The problem:
Restate word for word every line from the top of the data below down through the line that holds "Definition property_B (I".

Supplied records:
****

Definition disjoint_positive_family (I : set (set C2w)) (F : set (set C2w)) : Prop :=
  [/\ (forall A, F A -> borel_set A /\ ~ I A) &
      (forall A B, F A -> F B -> A <> B -> A `&` B = set0)].

Definition ccc (I : set (set C2w)) : Prop :=
  forall F, disjoint_positive_family I F -> countable F.

Definition property_B (I : set (set C2w)) : Prop :=
  exists F, disjoint_positive_family I F /\ (F #= [set: C2w])%card.

From HB Require Import structures.
From mathcomp Require Import all_boot all_order all_algebra.
From mathcomp Require Import all_classical all_reals all_analysis.
Set Implicit Arguments. Unset Strict Implicit. Unset Printing Implicit Defensive.
Local Open Scope classical_set_scope.

(* Choose S in 2^omega with |S| = kappa and view 2^omega as 2^omega x 2^omega by
   interleaving coordinates.  Let I consist of the sets covered by a Borel set
   whose vertical slices over the points of S are all meager.  The columns over
   the points of S are kappa pairwise disjoint Borel sets outside I.  Conversely,
   a Borel set outside I has a nonmeager slice over some x in S, which by the
   Baire property is comeager in some basic cylinder s; by the Baire category
   theorem two disjoint sets cannot share the pair (x, s), so a disjoint family
   of positive sets has at most |S x nat| = kappa members. *)

(** * Cylinders *)

Definition cyl (s : seq bool) : set C2w :=
  [set y | forall i, (i < size s)%N -> y i = nth false s i].

Definition pref (x : C2w) (n : nat) : seq bool := mkseq x n.

Lemma cyl_prefE (x y : C2w) n :
  cyl (pref x n) y <-> (forall i, (i < n)%N -> y i = x i).
Proof. by rewrite /cyl /pref size_mkseq; split=> H i ltin; rewrite H // nth_mkseq. Qed.

Lemma cyl_pref_self (x : C2w) n : cyl (pref x n) x.
Proof. exact/cyl_prefE. Qed.

Lemma cyl_pref_sub s (y : C2w) n :
  cyl s y -> (size s <= n)%N -> cyl (pref y n) `<=` cyl s.
Proof.
move=> ys sn z /cyl_prefE zy i lis; rewrite zy ?ys //.
exact: leq_trans lis sn.
Qed.

Lemma open_coord (i : nat) (b : bool) : open [set y : C2w | y i = b].
Proof.
have /continuousP/(_ [set b]) : continuous (fun y : C2w => y i).
  by move=> x; exact: (@proj_continuous nat (fun=> bool) i x).
by apply; exact: discrete_open.
Qed.

Lemma open_agree (z : C2w) n : open [set y : C2w | forall i, (i < n)%N -> y i = z i].
Proof.
elim: n => [|n IH].
  have -> : [set y : C2w | forall i, (i < 0)%N -> y i = z i] = setT.
    by apply/seteqP; split=> // y _ i.
  exact: openT.
have -> : [set y : C2w | forall i, (i < n.+1)%N -> y i = z i] =
    [set y : C2w | forall i, (i < n)%N -> y i = z i] `&` [set y : C2w | y n = z n].
  apply/seteqP; split=> y /=.
    by move=> H; split=> [i lin|]; apply: H => //; exact: ltnW.
  by move=> [H1 H2] i; rewrite ltnS leq_eqVlt => /orP[/eqP ->|/H1].
by apply: openI IH _; exact: open_coord.
Qed.

Lemma open_cyl s : open (cyl s).
Proof. exact: (open_agree (nth false s) (size s)). Qed.
(* Let $\mathsf V,\mathsf W$ be quantales and $G:\mathsf{Cat}(\mathsf V)\to\mathsf{Cat}(\mathsf W)$ a locally monotone functor with a left adjoint $F:\mathsf{Cat}(\mathsf W)\to\mathsf{Cat}(\mathsf V)$. If $F$ sends fully faithful and fully dense $\mathsf W$-functors to fully faithful and fully dense $\mathsf V$-functors, then $G$ sends Cauchy complete $\mathsf V$-categories to Cauchy complete $\mathsf W$-categories.
   Context: A quantale $(\mathsf V,\otimes,k)$ is a complete anti-symmetric lattice with an associative, commutative operation $\otimes$ with neutral element $k$ distributing over arbitrary suprema. A $\mathsf V$-category $(X,a)$ is a set with $a:X\times X\to\mathsf V$ with $k\le a(x,x)$ and $a(x,y)\otimes a(y,z)\le a(x,z)$; $\mathsf V$-functors $f:(X,a)\to(Y,b)$ satisfy $a(x,y)\le b(f(x),f(y))$; they form $\mathsf{Cat}(\mathsf V)$. For $\mathsf V$-functors $f,g:X\to Y$, $f\le g$ means $k\le b(f(x),g(x))$ for all $x$; $G$ locally monotone means $f\le g$ implies $Gf\le Gg$. $f$ is fully faithful if $a(x,y)=b(f(x),f(y))$, and fully dense if $\bigvee_{x\in X}b(y,f(x))\otimes b(f(x),y')=b(y,y')$ for all $y,y'\in Y$. A $\mathsf V$-module $\varphi:(X,a)\rightharpoonup(Y,b)$ is a map $X\times Y\to\mathsf V$ with $a(x,x')\otimes\varphi(x',y)\le\varphi(x,y)$, $\varphi(x,y)\otimes b(y,y')\le\varphi(x,y')$; composition $(\psi\cdot\varphi)(x,z)=\bigvee_y\varphi(x,y)\otimes\psi(y,z)$; $\varphi\dashv\psi$ means $a\le\psi\cdot\varphi$ and $\varphi\cdot\psi\le b$. $E=(\{\star\},k)$. $X$ is Cauchy complete if every left adjoint module $\varphi:E\rightharpoonup X$ is of the form $y\mapsto a(x,y)$ for some $x\in X$. *)

Set Implicit Arguments.
Unset Strict Implicit.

****

Exercise solution:
Definition disjoint_positive_family (I : set (set C2w)) (F : set (set C2w)) : Prop :=
  [/\ (forall A, F A -> borel_set A /\ ~ I A) &
      (forall A B, F A -> F B -> A <> B -> A `&` B = set0)].

Definition ccc (I : set (set C2w)) : Prop :=
  forall F, disjoint_positive_family I F -> countable F.

Definition property_B (I : set (set C2w)) : Prop :=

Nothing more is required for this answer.